Waterless Fracking Method Could Sidestep NY Gas Drilling Ban
A plan to extract shale gas and oil from 135,000 acres in Tioga County, N.Y., could break through the state's hydraulic fracturing moratorium, because the wells would be fracked not with water but with liquefied petroleum gas, or LPG, a mixture of mostly propane.
A relatively new technology, LPG fracking doesn't fall under New York's current hydraulic fracturing moratorium. Instead it could be permitted under the New York Department of Environmental Conservation's 1992 Supplemental Generic Environmental Impact Statement, according to Emily DeSantis, the DEC's director of public information.
DeSantis said LPG fracking would also require an additional assessment under the state'sEnvironmental Quality Review Act, or even a separate environmental impact statement "if the proposed activity may result in significant adverse environmental impacts not previously or adequately addressed."
New York placed a moratorium on hydraulic fracturing in 2010, after environmentalists and some residents began worrying that hydraulic fracturing might contaminate the watershed that supplies water to New York City and other parts of the East Coast.
The moratorium won't be lifted until a new Supplemental Generic Environmental Impact Statement is complete. The DEC expects to finish the work on that document by the end of the year.
The Tioga County Landowners Association announced in March that the 2,000 families it represents will lease 135,000 acres to Houston-based eCorp International. The fracking will be done by Calgary-based GasFrac Energy Services, which pioneered the LPG process.
InsideClimate News and the Albany Times Union reported in November that while LPG fracking still faces skepticism and comes with its own risks, it has several environmental benefits. By forgoing the use of water, it eliminates an entire waste stream—the toxic "flowback" water. GasFrac also claims that LPG requires 75 percent fewer truck trips and a smaller well-pad than hydraulic fracturing.

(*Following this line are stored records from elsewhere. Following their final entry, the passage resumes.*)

(* Let $X$ and $Y$ be finite-dimensional real normed spaces and let $P:X\to Y$ be a mapping. Then $P$ is piecewise affine if and only if for every polyhedral partial order $\preceq$ on $Y$ both the $\preceq$-epigraph $\mathrm{epi}_\preceq P:=\{(x,y)\in X\times Y\mid P(x)\preceq y\}$ and the $\preceq$-hypograph $\mathrm{hyp}_\preceq P:=\{(x,y)\in X\times Y\mid y\preceq P(x)\}$ are polyhedral subsets of $X\times Y$.
   Context: A closed halfspace of a finite-dimensional space $Z$ is a set $\{z\in Z\mid a^*(z)\le\alpha\}$ with $a^*$ a nonzero linear functional and $\alpha\in\mathbb{R}$. A convex polyhedral set is an intersection of finitely many closed halfspaces (the whole space counts as convex polyhedral). A (not necessarily convex) set is polyhedral if it is the union of finitely many convex polyhedral sets. A polyhedral covering of a polyhedral set $Q$ is a finite family $\{M_1,\dots,M_k\}$ of convex polyhedral sets with $M_i\subset Q$ and $\bigcup_i M_i=Q$. A mapping $P:X\to Y$ is piecewise affine if there exist a polyhedral covering $\{M_1,\dots,M_k\}$ of $X$ and affine mappings $A_i:X\to Y$ (a linear mapping plus a constant) with $P(x)=A_i(x)$ for all $x\in M_i$, $i=1,\dots,k$. A partial order $\preceq$ on $Y$ is polyhedral if it is compatible with the vector operations (i.e. $y\preceq y'$ implies $y+z\preceq y'+z$ and $\lambda y\preceq\lambda y'$ for $\lambda\ge0$) and its positive cone $\{y\in Y\mid 0\preceq y\}$ is a convex polyhedral set. *)

From HB Require Import structures.
From mathcomp Require Import all_boot all_order all_algebra.
From mathcomp Require Import reals.
Set Implicit Arguments. Unset Strict Implicit. Unset Printing Implicit Defensive.
Import Order.TTheory GRing.Theory Num.Theory.
Local Open Scope ring_scope.

Section Polyhedral.
Variable R : realType.

Definition is_linear (U V : lmodType R) (f : U -> V) : Prop :=
  forall (a : R) (u v : U), f (a *: u + v) = a *: f u + f v.

Definition is_linear_functional (U : lmodType R) (f : U -> R) : Prop :=
  forall (a : R) (u v : U), f (a *: u + v) = a * f u + f v.

Definition closed_halfspace (U : lmodType R) (H : U -> Prop) : Prop :=
  exists (f : U -> R) (alpha : R),
    is_linear_functional f /\ (exists z, f z != 0) /\
    (forall z, H z <-> f z <= alpha).

Definition convex_polyhedral (U : lmodType R) (Q : U -> Prop) : Prop :=
  exists (n : nat) (H : 'I_n -> U -> Prop),
    (forall i, closed_halfspace (H i)) /\
    (forall z, Q z <-> forall i, H i z).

Details of the Tioga County contract are still being worked out, but under the tentative plan the landowners will form a Limited Liability Company and will essentially be given stock in the venture, in addition to royalty payments of 12.5 percent of the value of the oil or gas that is retrieved. eCorp will provide financing and GasFrac will frack the wells, which could extract natural gas from the Marcellus Shale and also oil from the less-explored Utica Shale. eCorp estimates that each well will be about three to five acres large and will drill under roughly 3,200 acres of surrounding land.

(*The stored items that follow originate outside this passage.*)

Lemma expected_degrees_oriented_TFPL : oriented_TFPL A /\ has_boundary u v w A.
Proof.
have [adjA antiA] := arcA.
split; first split=> //.
- exact: expected_degrees_TFPL.
- move=> x; rewrite degx => deg2.
  by have := expected_indeg_le1 x; have := expected_outdeg_le1 x; lia.
- by split=> i x; [case/degL | case/degR].
move=> i x; split.
- by move=> Li; rewrite degx; have [-> ->] := degL Li; case: (u i).
- by move=> Ri; rewrite degx; have [-> ->] := degR Ri; case: (v i).
- by move=> Bi wi; have [-> _] := degB Bi; rewrite wi.
by move=> Bi wi; have [_ ->] := degB Bi; rewrite (negbTE wi).
Qed.

End FromDegrees.

Lemma expected_degrees_Mo_Me A : arc_set A ->
  (forall x, expected_degrees A x) <->
  (forall x, deg (Mo A) x = (x \in Vo u w) /\ deg (Me A) x = (x \in Ve v w)).
Proof.
move=> arcA; split=> degA x; move: (degA x).
  by rewrite /expected_degrees (deg_Mo x arcA) (deg_Me x arcA); case: oddV => -[-> ->].
by rewrite /expected_degrees (deg_Mo x arcA) (deg_Me x arcA); case: oddV => -[<- <-].
Qed.

Lemma oriented_TFPL_perfect_matchings A : oriented_TFPL A -> has_boundary u v w A ->
  perfect_matching (Vo u w) (Mo A) /\ perfect_matching (Ve v w) (Me A).
Proof.
move=> oA bA; have arcA := oriented_TFPL_arc_set oA.
have /(expected_degrees_Mo_Me arcA) degA := oriented_TFPL_expected_degrees oA bA.
split; apply/perfect_matchingP; split; try by move=> x; case: (degA x).
  exact: (Mo_Me_is_edge (b := true) arcA.1).
exact: (Mo_Me_is_edge (b := false) arcA.1).
Qed.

"We believe this game-changing technology will be embraced by, not only regulators and the industry, but the general population as well," eCorp CEO John Thrasher said in a news release announcing the deal with GasFrac. The two companies have also signed amemorandum of understanding for potential work in some of the "premier basins of western Europe."

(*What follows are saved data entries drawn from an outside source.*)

(* Let $\Gamma$ be a connected connected-homogeneous locally-finite bipartite graph with bipartition $X\cup Y$. Let $x\in X$ and $y\in Y$ be adjacent, and define $A=\Gamma(x)\setminus\{y\}$ and $B=\Gamma(y)\setminus\{x\}$. Then $\Omega=\langle A\cup B\rangle$ (with bipartition $A\cup B$) is a finite homogeneous bipartite graph, and therefore is one of: a null bipartite graph, a complete bipartite graph, the complement of a perfect matching, or a perfect matching.
   Context: $\Gamma(v)$ denotes the set of neighbours of $v$ and $\langle S\rangle$ the induced subgraph on $S$. A bipartite graph with given bipartition $X\cup Y$ is a homogeneous bipartite graph if every isomorphism between finite induced subgraphs mapping vertices of $X$ to vertices of $X$ and vertices of $Y$ to vertices of $Y$ extends to an automorphism preserving $X$ and $Y$ setwise; it is a connected-homogeneous bipartite graph if this holds for isomorphisms between finite connected induced subgraphs. A null bipartite graph has no edges. The complement of a perfect matching on $2n$ vertices has parts $X',Y'$ of size $n$, a bijection $\eta:X'\to Y'$, and $x'\sim y'$ iff $y'\ne\eta(x')$. *)

From Stdlib Require Import List Relations.
Import ListNotations.

Section Graphs.
Context {V : Type} (adj : V -> V -> Prop).

Definition is_bipartite (X Y : V -> Prop) : Prop :=
  (forall u v, adj u v -> adj v u) /\
  (forall u, ~ adj u u) /\
  (forall u, X u \/ Y u) /\
  (forall u, ~ (X u /\ Y u)) /\
  (forall u v, adj u v -> (X u /\ Y v) \/ (Y u /\ X v)).

Definition connected_graph : Prop :=
  forall u v, clos_refl_trans V adj u v.

Definition locally_finite : Prop :=
  forall v, exists l : list V, forall w, adj v w -> In w l.

Definition connected_in (S : list V) : Prop :=
  forall u v, In u S -> In v S ->
    clos_refl_trans V (fun a b => adj a b /\ In a S /\ In b S) u v.

Definition bip_partial_iso (X Y : V -> Prop) (S : list V) (f : V -> V) : Prop :=
  (forall u v, In u S -> In v S -> f u = f v -> u = v) /\
  (forall u v, In u S -> In v S -> (adj u v <-> adj (f u) (f v))) /\
  (forall u, In u S -> (X u <-> X (f u)) /\ (Y u <-> Y (f u))).

Definition bip_automorphism (X Y : V -> Prop) (g : V -> V) : Prop :=
  (exists h : V -> V, (forall u, h (g u) = u) /\ (forall u, g (h u) = u)) /\
  (forall u v, adj u v <-> adj (g u) (g v)) /\
  (forall u, (X u <-> X (g u)) /\ (Y u <-> Y (g u))).

Definition extends_to_aut (X Y : V -> Prop) (S : list V) (f : V -> V) : Prop :=
  exists g, bip_automorphism X Y g /\ (forall u, In u S -> g u = f u).

Definition homogeneous_bipartite (X Y : V -> Prop) : Prop :=
  is_bipartite X Y /\
  forall (S : list V) (f : V -> V),
    bip_partial_iso X Y S f -> extends_to_aut X Y S f.

Definition conn_homogeneous_bipartite (X Y : V -> Prop) : Prop :=
  is_bipartite X Y /\
  forall (S : list V) (f : V -> V),
    connected_in S -> connected_in (map f S) ->
    bip_partial_iso X Y S f -> extends_to_aut X Y S f.

Definition null_bipartite : Prop := forall u v, ~ adj u v.

Definition complete_bipartite (X Y : V -> Prop) : Prop :=
  forall u v, X u -> Y v -> adj u v.

Definition bij_between (X Y : V -> Prop) (eta : V -> V) : Prop :=
  (forall u, X u -> Y (eta u)) /\
  (forall u v, X u -> X v -> eta u = eta v -> u = v) /\
  (forall w, Y w -> exists u, X u /\ eta u = w).

Definition perfect_matching (X Y : V -> Prop) : Prop :=
  exists eta, bij_between X Y eta /\
    forall u v, X u -> Y v -> (adj u v <-> v = eta u).

Definition compl_perfect_matching (X Y : V -> Prop) : Prop :=
  exists eta, bij_between X Y eta /\
    forall u v, X u -> Y v -> (adj u v <-> v <> eta u).

End Graphs.

Definition finite_type (T : Type) : Prop := exists l : list T, forall t, In t l.

Definition induced {V : Type} (adj : V -> V -> Prop) (P : V -> Prop)
  : {v : V | P v} -> {v : V | P v} -> Prop :=
  fun a b => adj (proj1_sig a) (proj1_sig b).

Definition lift_pred {V : Type} (P Q : V -> Prop) : {v : V | P v} -> Prop :=
  fun a => Q (proj1_sig a).

From Stdlib Require Import List Relations Classical ClassicalEpsilon ProofIrrelevance FinFun.
Import ListNotations.

(* Ω is finite because x and y have finitely many neighbours.  Every vertex of Ω is adjacent
   to x or to y, so a partial isomorphism of Ω, extended by fixing x and y, is a partial
   isomorphism between connected induced subgraphs of Γ; its extension to Γ fixes x and y,
   hence preserves A and B and restricts to an automorphism of Ω.

   For the classification of a finite homogeneous bipartite graph P ∪ Q: every permutation of
   P extends to an automorphism, so the neighbourhoods of the Q-vertices form a family of
   subsets of P closed under permutations of P.  Two Q-vertices with the same neighbourhood
   force the graph to be null or complete.  Otherwise Q-vertices are determined by their
   neighbourhoods, and a neighbourhood that contains two points and misses two has more than
   |P| images, giving |Q| > |P|; by symmetry this cannot happen on both sides, and in the
   remaining cases every vertex has one neighbour or one non-neighbour. *)

Definition dec (P : Prop) : {P} + {~ P} := excluded_middle_informative P.

Lemma sig_eq {V : Type} (W : V -> Prop) (s t : {v | W v}) :
  proj1_sig s = proj1_sig t -> s = t.
Proof. destruct s, t; simpl; intros ->; apply subset_eq_compat; reflexivity. Qed.

Definition sig_extend {V : Type} (W : V -> Prop) (f : {v | W v} -> {v | W v}) (v : V) : V :=
  match dec (W v) with left p => proj1_sig (f (exist W v p)) | right _ => v end.

Lemma sig_extend_val {V : Type} (W : V -> Prop) f (s : {v | W v}) :
  sig_extend W f (proj1_sig s) = proj1_sig (f s).
Proof.
  destruct s as [v p]; unfold sig_extend; simpl.
  destruct (dec (W v)) as [q|]; [|contradiction].
  do 2 f_equal; now apply sig_eq.
Qed.

Lemma sig_extend_out {V : Type} (W : V -> Prop) f v : ~ W v -> sig_extend W f v = v.
Proof. intros n; unfold sig_extend; destruct (dec (W v)); tauto. Qed.

Lemma finite_sig {V : Type} (W : V -> Prop) (l : list V) :
  (forall v, W v -> In v l) -> finite_type {v | W v}.
Proof.
  intros Hl.
  exists (flat_map (fun v => match dec (W v) with
                             | left p => [exist W v p] | right _ => [] end) l).
  intros [v p]; apply in_flat_map; exists v; split; [now apply Hl|].
  destruct (dec (W v)) as [q|]; [left; now apply sig_eq|contradiction].
Qed.

Lemma finite_inj_surj {T : Type} (P : T -> Prop) (F : T -> T) :
  finite_type T ->
  (forall p, P p -> P (F p)) ->
  (forall p p', P p -> P p' -> F p = F p' -> p = p') ->
  forall q, P q -> exists p, P p /\ F p = q.
Proof.
  intros [l Hl] HP Hinj q Pq.
  destruct (finite_sig P l (fun v _ => Hl v)) as [l' Hl'].
  set (G := fun s : {v | P v} => exist P (F (proj1_sig s)) (HP _ (proj2_sig s))).
  assert (HG : Injective G).
  { intros [a pa] [b pb] E; apply sig_eq; apply (f_equal (@proj1_sig _ _)) in E.
    exact (Hinj a b pa pb E). }
  apply (Endo_Injective_Surjective (ex_intro _ l' Hl') (fun a b => classic (a = b))) in HG.
  destruct (HG (exist P q Pq)) as [[p Pp] E].
  exists p; split; [exact Pp|exact (f_equal (@proj1_sig _ _) E)].
Qed.

Definition swap {T : Type} (a b z : T) : T :=
  if dec (z = a) then b else if dec (z = b) then a else z.

Section Swap.
Context {T : Type} (a b : T).

Lemma swap_l : swap a b a = b.
Proof. unfold swap; destruct (dec (a = a)); congruence. Qed.

Lemma swap_r : swap a b b = a.
Proof. unfold swap; destruct (dec (b = a)); destruct (dec (b = b)); congruence. Qed.

Lemma swap_other z : z <> a -> z <> b -> swap a b z = z.
Proof. unfold swap; destruct (dec (z = a)); destruct (dec (z = b)); congruence. Qed.

Lemma swap_involutive z : swap a b (swap a b z) = z.
Proof.
  destruct (dec (z = a)) as [->|na]; [now rewrite swap_l, swap_r|].
  destruct (dec (z = b)) as [->|nb]; [now rewrite swap_r, swap_l|].
  now rewrite (swap_other z na nb), (swap_other z na nb).
Qed.

Lemma swap_pred (R : T -> Prop) z : R a -> R b -> R z -> R (swap a b z).
Proof. unfold swap; destruct (dec (z = a)); destruct (dec (z = b)); auto. Qed.

End Swap.

Lemma involutive_inj {T : Type} (s : T -> T) :
  (forall z, s (s z) = z) -> forall u v, s u = s v -> u = v.
Proof. intros H u v E; now rewrite <- (H u), <- (H v), E. Qed.

Definition partial_isos_extend {T : Type} (adj : T -> T -> Prop) (P Q : T -> Prop) : Prop :=
  forall S f, bip_partial_iso adj P Q S f -> extends_to_aut adj P Q S f.

Definition twin_free {T : Type} (adj : T -> T -> Prop) (P Q : T -> Prop) : Prop :=
  forall u v, P u -> P v -> (forall w, Q w -> (adj u w <-> adj v w)) -> u = v.

Definition two_neighbours {T : Type} (adj : T -> T -> Prop) (u : T) : Prop :=
  exists a b, a <> b /\ adj u a /\ adj u b.

Definition two_non_neighbours {T : Type} (adj : T -> T -> Prop) (R : T -> Prop) (u : T) : Prop :=
  exists a b, R a /\ R b /\ a <> b /\ ~ adj u a /\ ~ adj u b.

Lemma is_bipartite_swap {T : Type} (adj : T -> T -> Prop) P Q :
  is_bipartite adj P Q -> is_bipartite adj Q P.
Proof.
  intros (Hs & Hi & Hc & Hd & He); repeat split; auto.
  - intro u; destruct (Hc u); auto.
  - intros u [? ?]; apply (Hd u); auto.
  - intros u v a; destruct (He u v a); tauto.
Qed.

Lemma bip_automorphism_swap {T : Type} (adj : T -> T -> Prop) P Q g :
  bip_automorphism adj P Q g -> bip_automorphism adj Q P g.
Proof. intros (Hb & Ha & Hs); split; [|split]; auto; intro u; split; apply Hs. Qed.

Lemma partial_isos_extend_swap {T : Type} (adj : T -> T -> Prop) P Q :
  partial_isos_extend adj P Q -> partial_isos_extend adj Q P.
Proof.
  intros H S f (Hi & Ha & Hs).
  destruct (H S f) as [g [Hg E]]; [split; [|split]; auto; intros u iu; split; apply Hs; auto|].
  exists g; split; auto; now apply bip_automorphism_swap.
Qed.

Lemma twins_of_unique_neighbour {T : Type} (adj : T -> T -> Prop) p u v :
  adj u p -> adj v p -> ~ two_neighbours adj u -> ~ two_neighbours adj v ->
  forall a, adj u a <-> adj v a.
Proof.
  intros up vp nu nv a; split; intro h;
    destruct (classic (a = p)) as [->|n]; auto; exfalso;
    [apply nu | apply nv]; exists a, p; auto.
Qed.

Lemma twins_of_unique_non_neighbour {T : Type} (adj : T -> T -> Prop) (R : T -> Prop) p u v :
  R p -> ~ adj u p -> ~ adj v p ->
  ~ two_non_neighbours adj R u -> ~ two_non_neighbours adj R v ->
  forall a, R a -> (adj u a <-> adj v a).
Proof.
  intros Rp up vp nu nv a Ra; split; intro h; apply NNPP; intro h';
    destruct (classic (a = p)) as [->|n]; try contradiction;
    [apply nv | apply nu]; exists a, p; auto.
Qed.

Section Bipartite.
Context {T : Type} (adj : T -> T -> Prop) (P Q : T -> Prop).
Hypothesis Hbip : is_bipartite adj P Q.

Lemma bip_sym u v : adj u v -> adj v u.
Proof. destruct Hbip as (H & _); apply H. Qed.

Lemma bip_irrefl u : ~ adj u u.
Proof. destruct Hbip as (_ & H & _); apply H. Qed.

Lemma bip_cover u : P u \/ Q u.
Proof. destruct Hbip as (_ & _ & H & _); apply H. Qed.

Lemma bip_disjoint u : P u -> Q u -> False.
Proof. destruct Hbip as (_ & _ & _ & H & _); intros; apply (H u); auto. Qed.

Lemma bip_adj_P u v : P u -> adj u v -> Q v.
Proof.
  destruct Hbip as (_ & _ & _ & _ & H); intros Pu a.
  destruct (H u v a) as [[_ ?]|[? _]]; auto; exfalso; now apply (bip_disjoint u).
Qed.

Lemma bip_adj_Q u v : Q u -> adj u v -> P v.
Proof.
  destruct Hbip as (_ & _ & _ & _ & H); intros Qu a.
  destruct (H u v a) as [[? _]|[_ ?]]; auto; exfalso; now apply (bip_disjoint u).
Qed.

Lemma bip_no_edge_P u v : P u -> P v -> ~ adj u v.
Proof. intros Pu Pv a; exact (bip_disjoint v Pv (bip_adj_P u v Pu a)). Qed.

Lemma some_edge : ~ null_bipartite adj -> exists p q, P p /\ Q q /\ adj p q.
Proof.
  intros Hn; apply NNPP; intro H; apply Hn; intros u v a.
  destruct (bip_cover u) as [Pu|Qu].
  - apply H; exists u, v; eauto using bip_adj_P.
  - apply H; exists v, u; eauto using bip_adj_Q, bip_sym.
Qed.

Lemma some_non_edge : ~ complete_bipartite adj P Q -> exists p q, P p /\ Q q /\ ~ adj p q.
Proof.
  intros Hc; apply NNPP; intro H; apply Hc; intros u v Pu Qv.
  apply NNPP; intro n; apply H; eauto.
Qed.

Lemma perfect_matching_of_unique_neighbours :
  (forall p, P p -> exists q, adj p q) ->
  (forall p, P p -> ~ two_neighbours adj p) ->
  (forall q, Q q -> exists p, adj q p) ->
  twin_free adj P Q -> perfect_matching adj P Q.
Proof.
  intros nbP no2 nbQ tw.
  set (eta := fun p => epsilon (inhabits p) (fun q => adj p q)).
  assert (Heta : forall p, P p -> adj p (eta p)) by (intros; now apply epsilon_spec, nbP).
  assert (Huniq : forall p q, P p -> adj p q -> q = eta p).
  { intros p q Pp a; apply NNPP; intro ne; apply (no2 p Pp); exists q, (eta p); auto. }
  exists eta; split; [split; [|split]|].
  - intros p Pp; exact (bip_adj_P p _ Pp (Heta p Pp)).
  - intros u v Pu Pv E; apply tw; auto; intros w _; split; intro a.
    + now rewrite (Huniq u w Pu a), E; apply Heta.
    + now rewrite (Huniq v w Pv a), <- E; apply Heta.
  - intros w Qw; destruct (nbQ w Qw) as [p a].
    assert (Pp : P p) by exact (bip_adj_Q w p Qw a).
    exists p; split; auto; symmetry; apply Huniq, bip_sym; auto.
  - intros u v Pu _; split; [apply Huniq; auto|intros ->; auto].
Qed.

"We believe that propane/butane gel could very well become the shale 'treatment of choice' in all countries because of its many technical and environmental benefits relative to large volume 'slick' water fracking techniques," Mark Stauss, a senior director at eCorp, told InsideClimate News. Specifically, he said, the company is interested in shale basins in the United Kingdom, Switzerland and France.
Hydraulic fracturing is just as controversial in Europe as it is in the United States. France, for instance, has banned it. But Stauss said he thinks LPG fracking might be adopted more quickly "based upon the merits of the arguments in favor of the technology."